**TASK BRIEF**
As the answer, give every line of the records that includes the word "because".

**Collected data**
=== Begin Enclosure ===

(* Let $K$ be a field and $A$ a noetherian $K$-algebra such that the endomorphism ring of every simple left $A$-module is algebraic over $K$. If $A$ is $(\diamond)$-extremal, then the center $Z$ of $A$ is algebraic over $K$.
   Context: A module $M$ is monolithic if the intersection of all nonzero submodules of $M$ is nonzero. A noetherian ring has property $(\diamond)$ if every finitely generated monolithic (left) module over it is artinian. A noetherian ring $A$ is $(\diamond)$-extremal if $A$ does not have property $(\diamond)$ but $A/I$ has property $(\diamond)$ for every nonzero two-sided ideal $I$ of $A$. *)

From HB Require Import structures.
From mathcomp Require Import all_boot all_order all_algebra.
Set Implicit Arguments. Unset Strict Implicit. Unset Printing Implicit Defensive.
Import GRing.Theory.
Local Open Scope ring_scope.

Definition submodule (R : pzRingType) (M : lmodType R) (S : M -> Prop) : Prop :=
  [/\ S 0, (forall x y, S x -> S y -> S (x + y)) & (forall (a : R) x, S x -> S (a *: x))].

Definition left_ideal (R : pzRingType) (I : R -> Prop) : Prop :=
  [/\ I 0, (forall x y, I x -> I y -> I (x + y)) & (forall a x, I x -> I (a * x))].
Definition right_ideal (R : pzRingType) (I : R -> Prop) : Prop :=
  [/\ I 0, (forall x y, I x -> I y -> I (x + y)) & (forall a x, I x -> I (x * a))].

Definition ACC (T : Type) (P : (T -> Prop) -> Prop) : Prop :=
  forall C : nat -> T -> Prop, (forall n, P (C n)) ->
    (forall n x, C n x -> C n.+1 x) ->
    exists N, forall n, (N <= n)%N -> forall x, C n x -> C N x.

Definition DCC (T : Type) (P : (T -> Prop) -> Prop) : Prop :=
  forall C : nat -> T -> Prop, (forall n, P (C n)) ->
    (forall n x, C n.+1 x -> C n x) ->
    exists N, forall n, (N <= n)%N -> forall x, C N x -> C n x.

Definition noetherian_ring (R : pzRingType) : Prop :=
  ACC (@left_ideal R) /\ ACC (@right_ideal R).

Definition artinian_module (R : pzRingType) (M : lmodType R) : Prop :=
  DCC (@submodule R M).

Definition finitely_generated (R : pzRingType) (M : lmodType R) : Prop :=
  exists (n : nat) (v : 'I_n -> M),
    forall m : M, exists c : 'I_n -> R, m = \sum_(i < n) c i *: v i.

(* M is monolithic: the intersection of all nonzero submodules is nonzero. *)
Definition monolithic (R : pzRingType) (M : lmodType R) : Prop :=
  exists x : M, x != 0 /\
    forall S : M -> Prop, submodule S -> (exists y, S y /\ y != 0) -> S x.

Definition diamond (R : pzRingType) : Prop :=
  forall M : lmodType R, finitely_generated M -> monolithic M -> artinian_module M.

(* Factor rings A/I are
   represented (up to isomorphism) as surjective ring morphisms f : A -> B
   with nonzero kernel I = ker f. *)
Definition diamond_extremal (R : pzRingType) : Prop :=
  [/\ noetherian_ring R, ~ diamond R &
      forall (B : pzRingType) (f : {rmorphism R -> B}),
        (forall b : B, exists a : R, f a = b) ->
        (exists a : R, a != 0 /\ f a = 0) -> diamond B].

Definition simple_module (R : pzRingType) (M : lmodType R) : Prop :=
  (exists x : M, x != 0) /\
  forall S : M -> Prop, submodule S -> (forall x, S x -> x = 0) \/ (forall x, S x).

Definition module_endo (R : pzRingType) (M : lmodType R) (f : M -> M) : Prop :=
  (forall x y, f (x + y) = f x + f y) /\ (forall (a : R) x, f (a *: x) = a *: f x).

(* For a K-algebra A and a left A-module M, K acts on M through k |-> k%:A. *)
Definition endo_algebraic (K : fieldType) (A : algType K) (M : lmodType A)
    (f : M -> M) : Prop :=
  exists p : {poly K}, p != 0 /\
    forall m : M, \sum_(i < size p) (p`_i)%:A *: iter i f m = 0.

Definition simple_endos_algebraic (K : fieldType) (A : algType K) : Prop :=
  forall M : lmodType A, simple_module M ->
    forall f : M -> M, module_endo f -> endo_algebraic f.

Definition center_algebraic (K : fieldType) (A : algType K) : Prop :=
  forall z : A, (forall a : A, z * a = a * z) ->
    exists p : {poly K}, p != 0 /\ \sum_(i < size p) p`_i *: z ^+ i = 0.

(* Suppose z is transcendental; we show that A has (diamond), contradicting
   extremality.  Let M be finitely generated and monolithic, with monolith
   A x.  Multiplication by z is an endomorphism of the simple module A x, so
   some nonzero polynomial p gives c := p(z) with c x = 0.  The element c is
   central, and no power of c vanishes because z is transcendental.  As A is
   left noetherian, the annihilators of c^j m stabilise, which forces every
   m in M to be killed by a power of c; as M is finitely generated, a single
   power c^n annihilates M.  Then M is a module over the factor ring
   A / ann(M) by a nonzero ideal, which has (diamond), so M is artinian. *)
From HB Require Import structures.
From mathcomp Require Import all_boot all_order all_algebra.
From mathcomp Require Import boolp.
Set Implicit Arguments. Unset Strict Implicit. Unset Printing Implicit Defensive.
Import GRing.Theory.
Local Open Scope ring_scope.
Local Open Scope quotient_scope.

Definition spans_monolith (R : pzRingType) (M : lmodType R) (x : M) : Prop :=
  x != 0 /\ forall S : M -> Prop, submodule S -> (exists y, S y /\ y != 0) -> S x.

Section FactorByAnnihilator.
Variables (R : pzRingType) (M : lmodType R).

Definition annihilator : {pred R} := fun a => `[< forall m : M, a *: m = 0 >].

Lemma annihilatorP a : reflect (forall m : M, a *: m = 0) (a \in annihilator).
Proof. exact: asboolP. Qed.

Lemma annihilator_zmod_closed : zmod_closed annihilator.
Proof.
split; first by apply/annihilatorP => m; rewrite scale0r.
move=> a b /annihilatorP ha /annihilatorP hb; apply/annihilatorP => m.
by rewrite scalerBl ha hb subr0.
Qed.
HB.instance Definition _ :=
  GRing.isZmodClosed.Build R annihilator annihilator_zmod_closed.

Lemma annihilatorMl a u : u \in annihilator -> a * u \in annihilator.
Proof. by move/annihilatorP => hu; apply/annihilatorP => m; rewrite -scalerA hu scaler0. Qed.
Lemma annihilatorMr a u : u \in annihilator -> u * a \in annihilator.
Proof. by move/annihilatorP => hu; apply/annihilatorP => m; rewrite -scalerA hu. Qed.

Definition factor := Quotient.quot annihilator.
HB.instance Definition _ := Choice.on factor.
HB.instance Definition _ := GRing.Zmodule.on factor.

Local Notation pi := \pi_factor.

Lemma pi_eqP a b : reflect (pi a = pi b) (a - b \in annihilator).
Proof. by rewrite Quotient.idealrBE; apply: eqP. Qed.

Lemma repr_pi_ann a : a - repr (pi a) \in annihilator.
Proof. by apply/pi_eqP; rewrite reprK. Qed.

Definition factor_mul := lift_op2 factor *%R.

(* Multiplication is well defined because the annihilator is two-sided. *)
Lemma pi_mul : {morph pi : a b / a * b >-> factor_mul a b}.
Proof.
move=> a b; unlock factor_mul; apply/pi_eqP.
rewrite -[_ * _](subrK (a * repr (pi b))) -mulrBr -addrA -mulrBl.
by apply: rpredD; [apply: annihilatorMl | apply: annihilatorMr]; apply: repr_pi_ann.
Qed.
Canonical pi_mul_morph := PiMorph2 pi_mul.
Definition factor_one : factor := lift_cst factor 1.
Canonical pi_one_morph := PiConst factor_one.

Lemma factor_mulA : associative factor_mul.
Proof. by move=> x y z; rewrite -[x]reprK -[y]reprK -[z]reprK !piE mulrA. Qed.
Lemma factor_mul1l : left_id factor_one factor_mul.
Proof. by move=> x; rewrite -[x]reprK !piE mul1r. Qed.
Lemma factor_mul1r : right_id factor_one factor_mul.
Proof. by move=> x; rewrite -[x]reprK !piE mulr1. Qed.
Lemma factor_mulDl : left_distributive factor_mul +%R.
Proof. by move=> x y z; rewrite -[x]reprK -[y]reprK -[z]reprK !piE mulrDl. Qed.
Lemma factor_mulDr : right_distributive factor_mul +%R.
Proof. by move=> x y z; rewrite -[x]reprK -[y]reprK -[z]reprK !piE mulrDr. Qed.

HB.instance Definition _ := GRing.Zmodule_isPzRing.Build factor
  factor_mulA factor_mul1l factor_mul1r factor_mulDl factor_mulDr.

Definition factor_proj (a : R) : factor := pi a.

Lemma factor_proj_zmod_morphism : zmod_morphism factor_proj.
Proof. by move=> a b; rewrite /factor_proj !piE. Qed.
HB.instance Definition _ :=
  GRing.isZmodMorphism.Build R factor factor_proj factor_proj_zmod_morphism.

Lemma factor_proj_monoid_morphism : monoid_morphism factor_proj.
Proof. by split=> [|a b]; rewrite /factor_proj piE. Qed.
HB.instance Definition _ :=
  GRing.isMonoidMorphism.Build R factor factor_proj factor_proj_monoid_morphism.

Lemma factor_proj_surj (q : factor) : exists a, factor_proj a = q.
Proof. by exists (repr q); rewrite /factor_proj reprK. Qed.

Lemma factor_proj_ann a : a \in annihilator -> factor_proj a = 0.
Proof. by move=> a_ann; rewrite -(rmorph0 factor_proj); apply/pi_eqP; rewrite subr0. Qed.

Lemma factor_ind (P : factor -> Prop) : (forall a, P (factor_proj a)) -> forall q, P q.
Proof. by move=> hP q; have [a <-] := factor_proj_surj q. Qed.

Definition factor_module : Type := M.
HB.instance Definition _ := GRing.Zmodule.on factor_module.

=== End Enclosure ===

**RESPONSE BOX**
   central, and no power of c vanishes because z is transcendental.  As A is
(* Multiplication is well defined because the annihilator is two-sided. *)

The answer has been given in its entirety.